# The main arguments for Higgs

1. Aug 27, 2011

### exponent137

What were so strong arguments, that they go to such measurement?

Why it is wrong to say simply, that Higgs does not exist? Why it is necessary?

Last edited: Aug 27, 2011
2. Aug 27, 2011

### Staff: Mentor

3. Aug 28, 2011

### exponent137

In the standard model, at temperatures high enough so that electroweak symmetry is unbroken, all elementary particles are massless. At a critical temperature, the symmetry is spontaneously broken, and the W and Z bosons acquire masses.
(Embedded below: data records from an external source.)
Lemma typT'_fv G t T : typT' vclass Ax Rl G t T ->
  forall v, occurs v t \/ occurs v T -> In v (dom G).
Proof.
  induction 1 as [G s1 s2 _ _ | G1 G2 x A s _ IHA _
    | G k A B x s1 s2 s3 _ IHA _ IHB _ _ _ HxB
    | G k A B t x s1 s2 s3 _ IHA _ IHB _ IHt _ _ _ HxB Hxt
    | G t u k A B _ IHt _ IHu | G t A B s _ IHt _ IHB _]; intros v Hv; simpl in Hv.
  - tauto.
  - destruct Hv as [<-|Hv]; [|auto].
    rewrite dom_app, in_app_iff; simpl; auto.
  - destruct Hv as [[Hv|Hv]|[]]; [auto|].
    apply (in_dom_snoc_neq _ x A); [apply IHB; left; apply occurs_open; auto | congruence].
  - destruct Hv as [[Hv|Hv]|[Hv|Hv]]; auto.
    + apply (in_dom_snoc_neq _ x A); [apply IHt; left; apply occurs_open; auto | congruence].
    + apply (in_dom_snoc_neq _ x A); [apply IHB; left; apply occurs_open; auto | congruence].
  - destruct Hv as [[Hv|Hv]|Hv]; auto.
    apply occurs_subst_inv in Hv as [Hv|Hv]; auto.
    apply IHt; right; simpl; auto.
  - destruct Hv; auto.
Qed.

Definition fresh_ext G H : Prop :=
  ctx_incl G H /\ forall v, In v (dom H) -> In v (dom G) \/ ~ occurs_ctx v G.

Lemma fresh_ext_snoc G H x A : fresh_ext G H -> (forall v, occurs v A -> In v (dom G)) ->
  fresh_ext (G ++ [(x, A)]) (H ++ [(x, A)]).
Proof.
  intros [Hincl Hfresh] HA; split.
  - intros d; rewrite !in_app_iff; firstorder.
  - intros v Hv; destruct (classic (In v (dom (G ++ [(x, A)])))) as [Hin|Hnin]; [now left|].
    right; intros [Hd|(y & B & HyB & HvB)]; [tauto|].
    rewrite dom_app, in_app_iff in Hnin, Hv; simpl in Hnin, Hv.
    destruct Hv as [Hv|Hv]; [|tauto].
    destruct (Hfresh v Hv) as [HvG|HvG]; [tauto|].
    apply in_app_iff in HyB as [HyB|[[=<- <-]|[]]]; [apply HvG; right; eauto | auto].
Qed.

Definition thinnable G t T : Prop :=
  forall f H, Injective f -> class_preserving f -> is_context H -> fresh_ext (renc f G) H ->
  typT' vclass Ax Rl H (ren f t) (ren f T).

Section Thinning.
Hypothesis vars_infinite : forall s (l : list Var), exists x, vclass x = s /\ ~ In x l.

(* If the binder clashes with a declaration of [H], that variable is fresh for
   [renc f G], so it can be swapped with a fresh one without touching [G]. *)
Lemma rename_binder_fresh f G H z (ts : list (term Srt Var)) :
  Injective f -> class_preserving f -> ~ In z (dom G) -> fresh_ext (renc f G) H ->
  (forall u, In u ts -> ~ occurs z u) ->
  exists g, Injective g /\ class_preserving g /\ ~ In (g z) (dom H) /\
    renc g G = renc f G /\ (forall u, In u ts -> ren g u = ren f u).
Proof.
  intros Hf Hcl Hz [_ Hfresh] Hts.
  destruct (classic (In (f z) (dom H))) as [HzH|HzH]; [|exists f; auto].
  assert (Hfz : ~ occurs_ctx (f z) (renc f G)).
  { destruct (Hfresh _ HzH) as [Hin|]; [apply in_dom_renc in Hin; tauto | auto]. }
  destruct (vars_infinite (vclass (f z))
              (dom H ++ fv_ctx (renc f G) ++ flat_map (fun u => fv (ren f u)) ts))
    as (y & Hy & Hyfresh).
  rewrite !in_app_iff, in_flat_map in Hyfresh.
  exists (fun v => swapv (f z) y (f v)); repeat split.
  - intros a b Hab; apply Hf, (swapv_injective _ _ _ _ Hab).
  - intros v; rewrite <- (Hcl v); apply swapv_class_preserving; auto.
  - rewrite swapv_l; tauto.
  - rewrite <- renc_comp; apply renc_swapv_fresh; [auto|].
    intro Ho; apply occurs_ctx_fv in Ho; tauto.
  - intros u Hu; rewrite <- ren_comp; apply ren_swapv_fresh.
    + intro Ho; apply occurs_ren_inj in Ho; [exact (Hts u Hu Ho) | auto].
    + intro Ho; apply Hyfresh; right; right; exists u; auto using occurs_fv.
Qed.

(* Listing [Sort s] in [ts] also covers body premises typed by a sort, since
   [open (Sort s) x] is [Sort s]. *)
Lemma binder_thinning G x A s f H (ts : list (term Srt Var)) :
  typT' vclass Ax Rl G A (Sort s) -> ~ In x (dom G) -> (forall B, In B ts -> ~ occurs x B) ->
  Injective f -> class_preserving f -> is_context H -> fresh_ext (renc f G) H ->
  exists y, vclass y = vclass x /\ ~ In y (dom H) /\ (forall B, In B ts -> ~ occurs y (ren f B)) /\
    forall B B', In B ts -> In B' ts -> thinnable (G ++ [(x, A)]) (open B x) (open B' x) ->
      typT' vclass Ax Rl (H ++ [(y, ren f A)]) (open (ren f B) y) (open (ren f B') y).
Proof.
  intros HA HxG Hts Hf Hcl HH HGH.
  assert (HAdom : forall v, occurs v A -> In v (dom G)) by (intros v Hv; apply (typT'_fv _ _ _ HA); auto).
  destruct (rename_binder_fresh f G H x (A :: ts)) as (g & Hg & Hgcl & HgH & HgG & Hgts); auto.
  { intros B [<-|HB]; auto. }
  assert (HgA : ren g A = ren f A) by (apply Hgts; left; auto).
  exists (g x); repeat split; auto.
  - intros B HB Ho; rewrite <- (Hgts B) in Ho by (right; auto).
    apply occurs_ren_inj in Ho; auto; exact (Hts B HB Ho).
  - intros B B' HB HB' Hthin; rewrite <- (Hgts B), <- (Hgts B'), <- !ren_open by (right; auto).
    apply Hthin; auto using is_context_snoc.
    rewrite renc_app, HgG; simpl; rewrite HgA; apply fresh_ext_snoc; auto.
    intros v Hv; apply occurs_ren in Hv as (y & -> & Hy); rewrite dom_renc; apply in_map; auto.
Qed.
Lemma zz_nonzero_finite n j0 (x : X n j0) : finite_pred (zz_nonzero n j0 x).
Proof.
elim: (zz_step_wf n j0) x => {}j0 _ IHj0 x.
case: (classic (exists k, M n k j0)) => [[k0 Mk0j0]|unmatched]; last first.
  exists [::] => -[j [[|[k j'] p] km]] [/= [Mj0 _] _];
    by case: unmatched; eexists; exact: Mj0.
have supp_fin : finite_pred (fun j => d n k0 j (- finv n k0 j0 x) <> 0).
  exact: d_fin.
apply: finite_pred_sub (zz_nonzero_cases x Mk0j0) _.
apply: finite_pred_U; first exact (finite_pred_image (zz_nil n k0) supp_fin).
apply: finite_pred_bigU => [|j' [_ step_j']].
  by apply: finite_pred_sub supp_fin => j' [].
exact (finite_pred_image (zz_cons n k0 j') (IHj0 j' step_j' _)).
Qed.

Lemma zz_sum_exists n i j (x : X n i) : exists y, zz_sum n i j x y.
Proof.
have fin : finite_pred (fun q : zz_path I n => zz_nonzero n i x (j, q)).
  apply: finite_pred_sub (finite_pred_image snd (zz_nonzero_finite n i x)) => q nz_q.
  by exists (j, q).
have [L [L_uniq LP]] := finite_pred_enum fin.
exists (\sum_(q <- L) zz_val n j i q.1 q.2 x), L.
split=> //; split=> [q /LP [] //|]; split=> // q valid nz.
by apply/LP; split.
Qed.

Lemma zz_sum_support n i (x : X n i) :
  exists S : seq (I n), forall j y, zz_sum n i j x y -> y <> 0 -> List.In j S.
Proof.
have [L LP] := zz_nonzero_finite n i x.
exists (map fst L) => j y [Lj [_ [valid [_ ->]]]] sum_neq0.
have [q Lq nz] : exists2 q, List.In q Lj & zz_val n j i q.1 q.2 x <> 0.
  apply: NNPP => none; apply: sum_neq0; apply: big1_In => q Lq.
  by apply: NNPP => nz; apply: none; exists q.
exact: (List.in_map fst L (j, q) (LP (j, q) (conj (valid q Lq) nz))).
Qed.

End MorseMatching.

Theorem proposition3p2 (R : pzRingType) (I : int -> Type)
  (X : forall n : int, I n -> lmodType R)
  (d : forall (n : int) (k : I (n + 1)%R) (j : I n),
         {linear X (n + 1)%R k -> X n j})
  (M : forall n : int, I (n + 1)%R -> I n -> Prop) :
  locally_finite_diff R I X d -> chain_complex_cond R I X d ->
  partial_matching R I X d M -> no_infinite_zigzag R I X d M ->
  morse_matching R I X d M.
Proof.
move=> d_fin _ M_matching no_zigzag; split=> // n i _ x; split.
  by move=> j; apply: zz_sum_exists.
by apply: zz_sum_support.
Qed.
(* Compactness of M(A(p)), in the form needed here: the whole index set is
   finitely fine. Otherwise the complements of finitely fine sets form a
   proper filter, and an ultrafilter refining it contains a fine set
   together with its complement. *)
Lemma finitely_fine_setT : finitely_fine setT.
Proof.
apply: contrapT => not_fine.
pose F := [set B : set nat | finitely_fine (~` B)].
have F_filter : Filter F.
  split; rewrite /F /=.
  - by exists 0%N, (fun=> set0); split=> // n; rewrite setCT.
  - by move=> B1 B2 h1 h2 /=; rewrite setCI; exact: finitely_fineU.
  - by move=> B1 B2 B12; apply: finitely_fine_sub; exact: subsetC.
have F_proper : ~ F set0 by rewrite /F /= setC0.
have [G [G_ultra FG]] := ultraFilterLemma (Build_ProperFilter F_proper F_filter).
have [S GS fineS] := ultrafilter_fine G_ultra.
have GCS : G (~` S).
  by apply: FG; rewrite /F /= setCK; exists 1%N, (fun=> S); split=> // n Sn; exists 0%N.
have : G (S `&` ~` S) by apply: filterI.
by rewrite setICr; apply: filter_not_empty.
Qed.

End Cover.

(* Every open cover of M(A(p)) has a refinement by finitely many pairwise
   disjoint open sets charSet (seqDU A l); on such a cover every Cech
   1-cocycle is the coboundary of 0. *)
Lemma cech_H1_trivial : cech_H1_Z_trivial (maxIdealSpace p) (gelfand_open p).
Proof.
move=> I U U_open U_cover g cocycle.
have [m [A [Acover Afine]]] := finitely_fine_setT U_open U_cover.
have [tau Utau] := @choice 'I_m I (fun l i => charSet (A l) `<=` U i)
  (fun l => Afine l (ltn_ord l)).
have Bcover : \bigcup_(l < m) seqDU A l = setT.
  by apply/seteqP; split=> // n _; rewrite bigcup_mkord -bigsetU_seqDU -bigcup_mkord;
    exact: Acover.
exists 'I_m, (fun l => charSet (seqDU A l)), tau; split.
- by move=> l; exact: charSet_open.
- move=> psi psiC; have psi1 := char_unitA p_pos psiC.
  rewrite -indic_setT -Bcover in psi1.
  have [l lm psiB] := charSet_finite_union psiC psi1.
  by exists (Ordinal lm).
- by move=> l; apply: subset_trans (Utau l); apply: charSet_sub; exact: subset_seqDU.
exists (fun=> 0) => j k [psi [[psiX psij] psik]].
have jk : j = k.
  apply: val_inj; apply: (trivIset_seqDU A) => //.
  by have [n njk] := charSet_meet psij psik; exists n.
rewrite {}jk subrr; set i := tau k.
have Ui : U i psi by apply: Utau; apply: charSet_sub psik; exact: subset_seqDU.
have gii := cocycle i i i (ex_intro _ psi (conj (conj (conj psiX Ui) Ui) Ui)).
by apply: (addIr (g i i)); rewrite add0r.
Qed.
End Cech.

Unset Implicit Arguments.

Theorem mainTheorem11 (R : realType) (p : nat -> R)
  (p_pos : forall n, 0 < p n)
  (p_growth : forall M : R, exists N : nat, forall n : nat, (N <= n)%N ->
                M <= p n `^ (n%:R)^-1) :
  (forall g : coeffs R, invertibleA p g <-> exists f : coeffs R, inA p f /\ is_expA p f g)
  /\ cech_H1_Z_trivial (maxIdealSpace p) (gelfand_open p).
Proof.
split; last exact: cech_H1_trivial p_pos.
by move=> g; split; [exact: (invertibleA_expA p_pos) | exact: (expA_invertibleA p_pos)].
Qed.
Section Factorizations.
Context {O : Type} {U : O -> MonCat}.

Lemma kfact_unique {M N H K : O} {F : MonFun (U M) (U N)} {k : MonFun (U K) (U M)}
    {theta : forall X : U K, Hom (fcomp F k X) (munit (U N))}
    {h : MonFun (U H) (U M)} {phi : forall X : U H, Hom (fcomp F h X) (munit (U N))}
    {h1 h2 : MonFun (U H) (U K)} :
  kfact O U F k theta h phi h1 -> kfact O U F k theta h phi h2 ->
  (forall g g' : MonFun (U H) (U K),
     kfact O U F k theta (fcomp k g) (whisk (idF (U N)) (fcomp F k) g theta) g' -> g' = g) ->
  h1 = h2.
Proof.
  intros [e1 E1] H2 Huniq; destruct e1; simpl in E1; subst phi.
  symmetry; exact (Huniq h1 h2 H2).
Qed.

Lemma cfact_unique {M N D C : O} {F : MonFun (U M) (U N)} {c : MonFun (U N) (U C)}
    {theta : forall X : U M, Hom (fcomp c F X) (munit (U C))}
    {d : MonFun (U N) (U D)} {psi : forall X : U M, Hom (fcomp d F X) (munit (U D))}
    {d1 d2 : MonFun (U C) (U D)} (P : MonFun (U C) (U D) -> Prop) :
  cfact O U F c theta d psi d1 -> cfact O U F c theta d psi d2 -> P d1 -> P d2 ->
  (forall g g' : MonFun (U C) (U D), P g -> P g' ->
     cfact O U F c theta (fcomp g c) (whisk g (fcomp c F) (idF (U M)) theta) g' -> g' = g) ->
  d1 = d2.
Proof.
  intros [e1 E1] H2 P1 P2 Huniq; destruct e1; simpl in E1; subst psi.
  symmetry; exact (Huniq d1 d2 P1 P2 H2).
Qed.

End Factorizations.

Section ThetaFacts.
Context {A B : MonCat} (F : MonFun A B) (phi : forall X : A, Hom (F X) (munit B)).

Lemma theta_iso : is_theta F phi -> forall X, is_iso (phi X).
Proof. intros Hphi; apply Hphi. Qed.

Lemma theta_fm : is_theta F phi ->
  forall X Y, phi (tens X Y) ∘ fm F X Y = lunit (munit B) ∘ tensm (phi X) (phi Y).
Proof. intros Hphi; apply Hphi. Qed.

Lemma theta_fe : is_theta F phi -> phi (munit A) ∘ fe F = idm (munit B).
Proof. intros Hphi; apply Hphi. Qed.

Lemma theta_natural : is_theta F phi ->
  forall X Y (f : Hom X Y), phi Y ∘ fmap F f = phi X.
Proof. intros [_ [Hnat _]] X Y f; rewrite Hnat; apply cmp_idl. Qed.

Lemma theta_fe_inv : is_monfun F -> is_theta F phi -> fe_inv F = phi (munit A).
Proof.
  intros HF Hphi.
  rewrite <- (cmp_idl (fe_inv F)), <- (theta_fe Hphi), <- cmp_assoc, (fe_invr _ HF).
  apply cmp_idr.
Qed.

Lemma is_theta_idF_l : is_theta (fcomp (idF B) F) phi -> is_theta F phi.
Proof.
  intros [Hiso [Hnat [Hfm Hfe]]]; repeat split; auto.
  - intros X Y; rewrite <- (cmp_idr (fm F X Y)); exact (Hfm X Y).
  - rewrite <- (cmp_idr (fe F)); exact Hfe.
Qed.

Lemma is_theta_idF_r : is_monfun F -> is_theta (fcomp F (idF A)) phi -> is_theta F phi.
Proof.
  intros HF [Hiso [Hnat [Hfm Hfe]]]; repeat split; auto.
  - intros X Y; rewrite <- (cmp_idl (fm F X Y)), <- (fmap_id _ HF); exact (Hfm X Y).
  - rewrite <- (cmp_idl (fe F)), <- (fmap_id _ HF); exact Hfe.
Qed.

End ThetaFacts.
Why at high temperatures all elementary particles are massless? More precisely asked, why W+- and Z particles are massles? If we assume that they are not, where is contradiction?

I know that at low energies we have fine structure constant 1/137, if we are enough close to electron fsc is enlarged and enlarged and at 1/128 we have weak force and W+- and Z particles cause it. (not precisely written)
When electron and neutrino interact, Their immediate particle is W or Z boson. Masses of W and Z bosons are large. So this more rarely happens at low energies. Why then still it is necessary that W and Z at high energies does not have mass?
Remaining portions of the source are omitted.